Right. And maybe actually if I can clarify that. You talked about being 10% higher than Ken-Gen. But what about royalties, for instance, in other costs in your cost structure that may not exist for instance with Ken-Gen? I mean when you think about this negotiation presumably some of those factors would presumably try again, try to reconcile one versus the other there as well, I take it.

Speaker 3

Exactly as Doron mentioned during the script. Our cost structure and Ken-Gen's cost structure is different including royalties. We don't have the details of exactly what's in their numbers. We know that our numbers do include a small amount of royalties that we do pay. It's a few million dollars a year. But as I said, it's very clear in the report that they would like us to reduce the tariffs slightly. And we will discuss with them and we'll do the negotiation between us and them and not on Wall Street paper.

Speaker 7

I truly appreciate that. That's great. However, it's just a few million dollars compared to the $12 million identified here in annual costs. While it's a nontrivial amount in percentage terms, I would like to clarify the cadence of opportunities in California. I know this has been asked several times, but considering the next 24 months and the resources you can allocate to California, especially given the severe situation with negative reserve margins, how quickly can you act? How many resources can you deploy to address the California resource adequacy deficit that appears to be ahead, particularly in response to what seems to be a request for at least a full gigawatt of resources in the current RFP, not to mention further procurement? I'm interested in understanding what resources you can provide in the immediate term for the next 24 to 36 months.

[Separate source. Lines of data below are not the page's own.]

Lemma unit_norm_units t : unit_norm t = 1 -> In t units \/ In (unit_opp t) units.
Proof.
  intros Hn.
  assert (Hopp : unit_norm (unit_opp t) = 1) by (rewrite <- Hn; unfold unit_norm, unit_opp; cbn [fst snd]; ring).
  destruct t as [t1 t2]. unfold unit_opp in *; cbn [fst snd] in *.
  destruct (Z_lt_le_dec 0 t2) as [H|H]; [left; apply unit_norm_units_pos; cbn; auto|].
  destruct (Z.eq_dec t2 0) as [->|H0]; [destruct (Z_lt_le_dec 0 t1) as [H1|H1]|].
  - left. apply unit_norm_units_pos; cbn [fst snd]; auto.
  - right. apply unit_norm_units_pos; cbn [fst snd]; auto. right. split; [reflexivity|].
    unfold unit_norm in Hn; cbn [fst snd] in Hn. nia.
  - right. apply unit_norm_units_pos; cbn [fst snd]; auto. left; lia.
Qed.

Hypothesis Hpr : primitive (a, b, c).

Lemma primitive_divide_coeff_mul x : (a | x * a) -> (a | x * b) -> (a | x * c) -> (a | x).
Proof.
  intros h1 h2 h3. apply Z.divide_abs_r.
  assert (G : (a | Z.gcd (Z.gcd (Z.abs x * a) (Z.abs x * b)) (Z.abs x * c))).
  { repeat apply Z.gcd_greatest;
      (destruct (Z.abs_eq_or_opp x) as [E|E]; rewrite E; [|rewrite Z.mul_opp_l; apply Z.divide_opp_r]); auto. }
  unfold primitive in Hpr; cbn [fa fb fc fst snd] in Hpr.
  rewrite Z.gcd_mul_mono_l, Z.abs_idemp, Z.gcd_mul_mono_l, Z.abs_idemp, Hpr, Z.mul_1_r in G.
  exact G.
Qed.

Lemma automorphism_aut_mat s : automorphism s -> exists t, s = aut_mat t /\ unit_norm t = 1.
Proof.
  destruct s as [[[al be] ga] de]. intros [Hd H]. unfold mdet in Hd.
  assert (Hval : forall x y, fvec (a, b, c) (al * x + be * y, ga * x + de * y) = fvec (a, b, c) (x, y))
    by (intros x y; apply (H (x, y))).
  assert (q1 : a * al * al + b * al * ga + c * ga * ga = a).
  { pose proof (Hval 1 0) as e. rewrite !fvec_abc in e. lia. }
  assert (q3 : 2 * a * al * be + b * (al * de + be * ga) + 2 * c * ga * de = b).
  { pose proof (Hval 1 1) as e. pose proof (Hval 1 0) as e1. pose proof (Hval 0 1) as e2.
    rewrite !fvec_abc in e, e1, e2. lia. }
  destruct (automorphism_relations al be ga de Hd q1 q3) as [Hcg Hag].
  destruct Hf as [Ha _]. cbn [fa fst] in Ha.
  assert (Hdiv : (a | ga)).
  { apply primitive_divide_coeff_mul; [exists ga; ring|exists (de - al); lia|exists (- be); lia]. }
  destruct Hdiv as [u ->].
  exists (al, u). unfold aut_mat, unit_norm; cbn [fst snd].
  assert (Hbe : be = - c * u) by (apply (Z.mul_cancel_l _ _ a); lia).
  assert (Hde : de = al + b * u) by (apply (Z.mul_cancel_l _ _ a); lia).
  subst be de. split; [now rewrite (Z.mul_comm u a)|]. rewrite <- Hd. ring.
Qed.

End Automorphisms.

(** * Equivalent forms in [psi_list] *)

Definition bil (g : form) (z w : Z * Z) : Z :=
  fvec g (fst z + fst w, snd z + snd w) - fvec g z - fvec g w.

Lemma fvec_comb g l m z y :
  fvec g (l * fst z + m * fst y, l * snd z + m * snd y) = l * l * fvec g z + l * m * bil g z y + m * m * fvec g y.
Proof. rewrite (form_eta g). destruct z, y. unfold bil. cbn [fst snd]. rewrite !fvec_abc. ring. Qed.

Lemma compose_radical f g N z z' p :
  (forall v, fvec g v = fvec f (mapp N v)) -> mapp N z = (p * fst z', p * snd z') ->
  (p | fvec g z) /\ forall w, (p | bil g z w).
Proof.
  intros H Hz. split.
  - rewrite H, Hz, fvec_scale, <- surjective_pairing. exists (p * fvec f z'). ring.
  - intros w. unfold bil. rewrite !H.
    replace (mapp N (fst z + fst w, snd z + snd w)) with (mapp N (1 * fst z + 1 * fst w, 1 * snd z + 1 * snd w))
      by (f_equal; f_equal; ring).
    rewrite mapp_comb, Hz. cbn [fst snd].
    replace (1 * (p * fst z') + 1 * fst (mapp N w)) with (p * fst z' + 1 * fst (mapp N w)) by ring.
    replace (1 * (p * snd z') + 1 * snd (mapp N w)) with (p * snd z' + 1 * snd (mapp N w)) by ring.
    rewrite (fvec_comb f p 1 z' (mapp N w)), fvec_scale, <- surjective_pairing.
    exists (bil f z' (mapp N w)). ring.
Qed.

(* [z] and [y] span [Z^2] modulo [p], so [g] vanishes identically modulo [p]. *)
Lemma radical_pair_not_primitive g p z y : prime p ->
  (p | fvec g z) -> (p | fvec g y) -> (p | bil g z y) ->
  ~ (p | fst z * snd y - snd z * fst y) -> ~ primitive g.
Proof.
  intros Hp hz hy hzy Hd Hg. set (d := fst z * snd y - snd z * fst y) in *.
  assert (Hspan : forall l m, (p | fvec g (l * fst z + m * fst y, l * snd z + m * snd y))).
  { intros l m. rewrite fvec_comb.
    apply Z.divide_add_r; [apply Z.divide_add_r|]; now apply Z.divide_mul_r. }
  assert (Hbasis : forall x w, (p | fvec g (d * x, d * w)) -> (p | fvec g (x, w))).
  { intros x w H. rewrite fvec_scale in H. apply prime_mult in H; auto.
    destruct H as [H|H]; auto. apply prime_mult in H; tauto. }
  assert (he1 : (p | fvec g (1, 0))).
  { apply Hbasis. replace (d * 1, d * 0) with (snd y * fst z + - snd z * fst y, snd y * snd z + - snd z * snd y)
      by (unfold d; f_equal; ring). apply Hspan. }
  assert (he2 : (p | fvec g (0, 1))).
  { apply Hbasis. replace (d * 0, d * 1) with (- fst y * fst z + fst z * fst y, - fst y * snd z + fst z * snd y)
      by (unfold d; f_equal; ring). apply Hspan. }
  assert (he12 : (p | fvec g (1, 1))).
  { apply Hbasis. replace (d * 1, d * 1) with ((snd y - fst y) * fst z + (fst z - snd z) * fst y,
                                                (snd y - fst y) * snd z + (fst z - snd z) * snd y)
      by (unfold d; f_equal; ring). apply Hspan. }
  assert (H1 : (p | 1)).
  { apply (primitive_common_divisor g p Hg); rewrite (form_coeffs g); cbn [fa fb fc fst snd]; auto.
    now repeat apply Z.divide_sub_r. }
  apply Z.divide_1_r_nonneg in H1; [|pose proof (prime_ge_2 _ Hp); lia].
  pose proof (prime_ge_2 _ Hp). lia.
Qed.

Lemma compose_det_p_quotient f g N M p : prime p -> mdet N = p -> mdet M = p ->
  (forall v, fvec g v = fvec f (mapp N v)) -> (forall v, fvec g v = fvec f (mapp M v)) -> primitive g ->
  exists S, mmul N (madj M) = mscal p S.
Proof.
  intros Hp dN dM HN HM Hg.
  assert (Hrad : forall K j, (forall v, fvec g v = fvec f (mapp K v)) -> mdet K = p ->
            (p | fvec g (mapp (madj K) j)) /\ forall w, (p | bil g (mapp (madj K) j) w)).
  { intros K j HK dK. apply (compose_radical f g K _ j p HK). now rewrite mapp_adj_r, dK. }
  assert (Hdet : forall j l, (p | fst (mapp (madj N) j) * snd (mapp (madj M) l)
                                 - snd (mapp (madj N) j) * fst (mapp (madj M) l))).
  { intros j l. destruct (Hrad N j HN dN) as [hz hzw]. destruct (Hrad M l HM dM) as [hy _].
    destruct (Zdivide_dec p (fst (mapp (madj N) j) * snd (mapp (madj M) l)
                             - snd (mapp (madj N) j) * fst (mapp (madj M) l))) as [X|X]; auto.
    exfalso. exact (radical_pair_not_primitive g p _ _ Hp hz hy (hzw _) X Hg). }
  pose proof (Hdet (0, 1) (1, 0)) as [s1 E1]. pose proof (Hdet (0, 1) (0, 1)) as [s2 E2].
  pose proof (Hdet (1, 0) (1, 0)) as [s3 E3]. pose proof (Hdet (1, 0) (0, 1)) as [s4 E4].
  exists (- s1, - s2, s3, s4).
  destruct N as [[[n1 n2] n3] n4], M as [[[m1 m2] m3] m4].
  unfold mapp, madj, mmul, mscal in *; cbn [fst snd] in *.
  apply mat_eq4; lia.
Qed.

Lemma in_lat_opp p i w : prime p -> in_lat p i w = true -> in_lat p i (- fst w, - snd w) = true.
Proof.
  intros Hp H. apply in_lat_iff in H; auto. apply in_lat_iff; auto.
  replace (lat_eq i _) with (- lat_eq i w) by (destruct i; unfold lat_eq; cbn [fst snd]; ring).
  now apply Z.divide_opp_r.
Qed.

Lemma pair_scal_inj q u w : q <> 0 -> (q * fst u, q * snd u) = (q * fst w, q * snd w) -> u = w.
Proof.
  intros Hq E. injection E as E1 E2. apply Z.mul_cancel_l in E1, E2; auto.
  destruct u, w; cbn [fst snd] in *; congruence.
Qed.

Section PsiEquivalence.
Variables (a b c p : Z).
Hypothesis Hp : prime p.

Let p_pos : 0 < p.
Proof. pose proof (prime_ge_2 _ Hp). lia. Qed.

(* An automorphism mapping [v_k] into [L_i] maps [L_k] onto [L_i]. *)
Lemma unit_psi_form_equiv i k t : (i <= Z.to_nat p)%nat -> (k <= Z.to_nat p)%nat -> In t (units a b c) ->
  in_lat p i (mapp (aut_mat a b c t) (lat_gen k)) = true ->
  sl2_equiv (psi_form (a, b, c) p i) (psi_form (a, b, c) p k).
Proof.
  intros Hi Hk Ht Hl.
  set (s := aut_mat a b c t). destruct (aut_mat_automorphism a b c t (units_norm a b c t Ht)) as [ds As].
  fold s in ds, As.
  set (Mi := lat_mat p i). set (Mk := lat_mat p k).
  assert (Col : forall e, exists u, mapp s (mapp Mk e) = mapp Mi u).
  { intros e. apply in_lat_mat; auto.
    assert (Le : in_lat p k (mapp Mk e) = true) by (apply in_lat_mat; eauto).
    destruct (in_lat_lat_gen_comb p Hp k _ Le) as [l [z ->]].
    rewrite mapp_comb. apply in_lat_comb; auto. }
  destruct (Col (1, 0)) as [c1 H1]. destruct (Col (0, 1)) as [c2 H2].
  set (G := (fst c1, fst c2, snd c1, snd c2) : mat).
  assert (EG : mmul Mi G = mmul s Mk).
  { apply mat_ext. intros [x y].
    rewrite !mapp_mul, (mapp_columns Mk x y), mapp_comb, H1, H2.
    unfold G. destruct c1 as [u1 u2], c2 as [w1 w2]; cbn [fst snd].
    destruct Mi as [[[a1 a2] a3] a4]. unfold mapp; cbn [fst snd]. f_equal; ring. }
  assert (dG : mdet G = 1).
  { assert (E : mdet (mmul Mi G) = mdet (mmul s Mk)) by now rewrite EG.
    rewrite !mdet_mul in E. unfold Mi, Mk in E. rewrite !mdet_lat_mat, ds in E.
    apply (Z.mul_cancel_l _ _ p); lia. }
  apply sl2_equiv_mat. exists G. split; [exact dG|]. intros v.
  rewrite !fvec_psi_form by auto. fold Mi Mk.
  rewrite <- As, <- mapp_mul, <- EG, mapp_mul. reflexivity.
Qed.

Hypothesis Hf : pos_def (a, b, c).
Hypothesis Hpr : primitive (a, b, c).

(* By [compose_det_p_quotient], [lat_mat p i G = S lat_mat p k] for an automorphism [S]. *)
Lemma psi_form_equiv_unit i k : (i <= Z.to_nat p)%nat -> (k <= Z.to_nat p)%nat ->
  primitive (psi_form (a, b, c) p k) -> sl2_equiv (psi_form (a, b, c) p i) (psi_form (a, b, c) p k) ->
  exists t, In t (units a b c) /\ in_lat p i (mapp (aut_mat a b c t) (lat_gen k)) = true.
Proof.
  intros Hi Hk Hprk E. apply sl2_equiv_mat in E. destruct E as [G [dG HG]].
  set (N := mmul (lat_mat p i) G). set (M := lat_mat p k).
  assert (HN : forall v, fvec (psi_form (a, b, c) p k) v = fvec (a, b, c) (mapp N v))
    by (intros v; rewrite HG; unfold N; rewrite mapp_mul; now apply fvec_psi_form).
  assert (HM : forall v, fvec (psi_form (a, b, c) p k) v = fvec (a, b, c) (mapp M v))
    by (intros v; now apply fvec_psi_form).
  assert (dN : mdet N = p) by (unfold N; rewrite mdet_mul, mdet_lat_mat, dG; ring).
  assert (dM : mdet M = p) by apply mdet_lat_mat.
  destruct (compose_det_p_quotient _ _ N M p Hp dN dM HN HM Hprk) as [S HS].
  assert (SM : forall v, mapp S (mapp M v) = mapp N v).
  { intros v. apply (pair_scal_inj p); [lia|].
    rewrite <- mapp_scal, <- HS, mapp_mul, mapp_adj_l, dM. destruct v. apply mapp_scal_r. }
  assert (dS : mdet S = 1).
  { assert (E : mdet (mscal p S) = mdet (mmul N (madj M))) by now rewrite HS.
    rewrite mdet_scal, mdet_mul, mdet_adj, dN, dM in E.
    apply (Z.mul_cancel_l _ _ (p * p)); nia. }
  assert (aS : automorphism a b c S).
  { split; auto. intros [x y]. apply (Z.mul_cancel_l _ _ (p * p)); [nia|].
    rewrite (surjective_pairing (mapp S (x, y))), <- !fvec_scale, <- mapp_scal_r.
    replace (p * x, p * y) with (mapp M (mapp (madj M) (x, y))) by now rewrite mapp_adj_r, dM.
    now rewrite SM, <- HN, HM. }
  destruct (automorphism_aut_mat a b c Hf Hpr S aS) as [t [-> Ht]].
  assert (L : in_lat p i (mapp (aut_mat a b c t) (lat_gen k)) = true).
  { rewrite (lat_gen_mat p k). fold M. rewrite SM. unfold N. rewrite mapp_mul. apply in_lat_mat; eauto. }
  destruct (unit_norm_units a b c Hf t Ht) as [Hu|Hu]; [now exists t|].
  exists (unit_opp t). split; [exact Hu|]. rewrite mapp_aut_mat_opp. now apply in_lat_opp.
Qed.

I believe that if you look at the next 24 months, ending in 2023, you will see most of the assets listed in our presentation. There may be one or two additional assets in the final stages of exploration that could fit into this timeframe. However, looking ahead to 2024 and 2025, and if I recall correctly, the requirement extends until 2026. We are currently exploring multiple sites in Nevada and California, so we will be able to expand our resources for 2024 and 2025 significantly. As you know, in February, when we released our guidance for 2022, we also updated our outlook for 2024, emphasizing growth. There we will be able to showcase the exploration and prospects we anticipate.

Speaker 7

Got it. And the one to two additional projects you just alluded to do they have interconnect already, or where are you in the process with transmission there just being able to get those done in the next couple of years? You seem to allude to actually being able to get that prior to 2024?

Look, we hope we will be able to get them. As I said, and we said multiple times, permitting in California and Nevada is a big challenge today and we need the legislations and to push and to make sure that on one hand if they put targets for renewable energy on the other hand they also allow renewable energy to develop and build. So this is a challenge that will work all the time. And that's what we believe we'll be able to do until 2023 and 2024 we are working now to get you the best number in February.

Speaker 7

Excellent. I wish you guys best of luck. And hopefully those permits come along. All right.

Thank you.

Operator

Thank you. This now concludes our Q&A session. I will hand back to Doron Blachar for any further comments. Thank you.

Thank you. I would like to thank you all for joining us. We see the boost for renewable energy coming across the globe and specifically in the US and we see the increased demand. And as the leading Geothermal company, we plan to supply a big part of this demand. Thank you very much.

Operator

Thank you everyone. You may now disconnect your lines.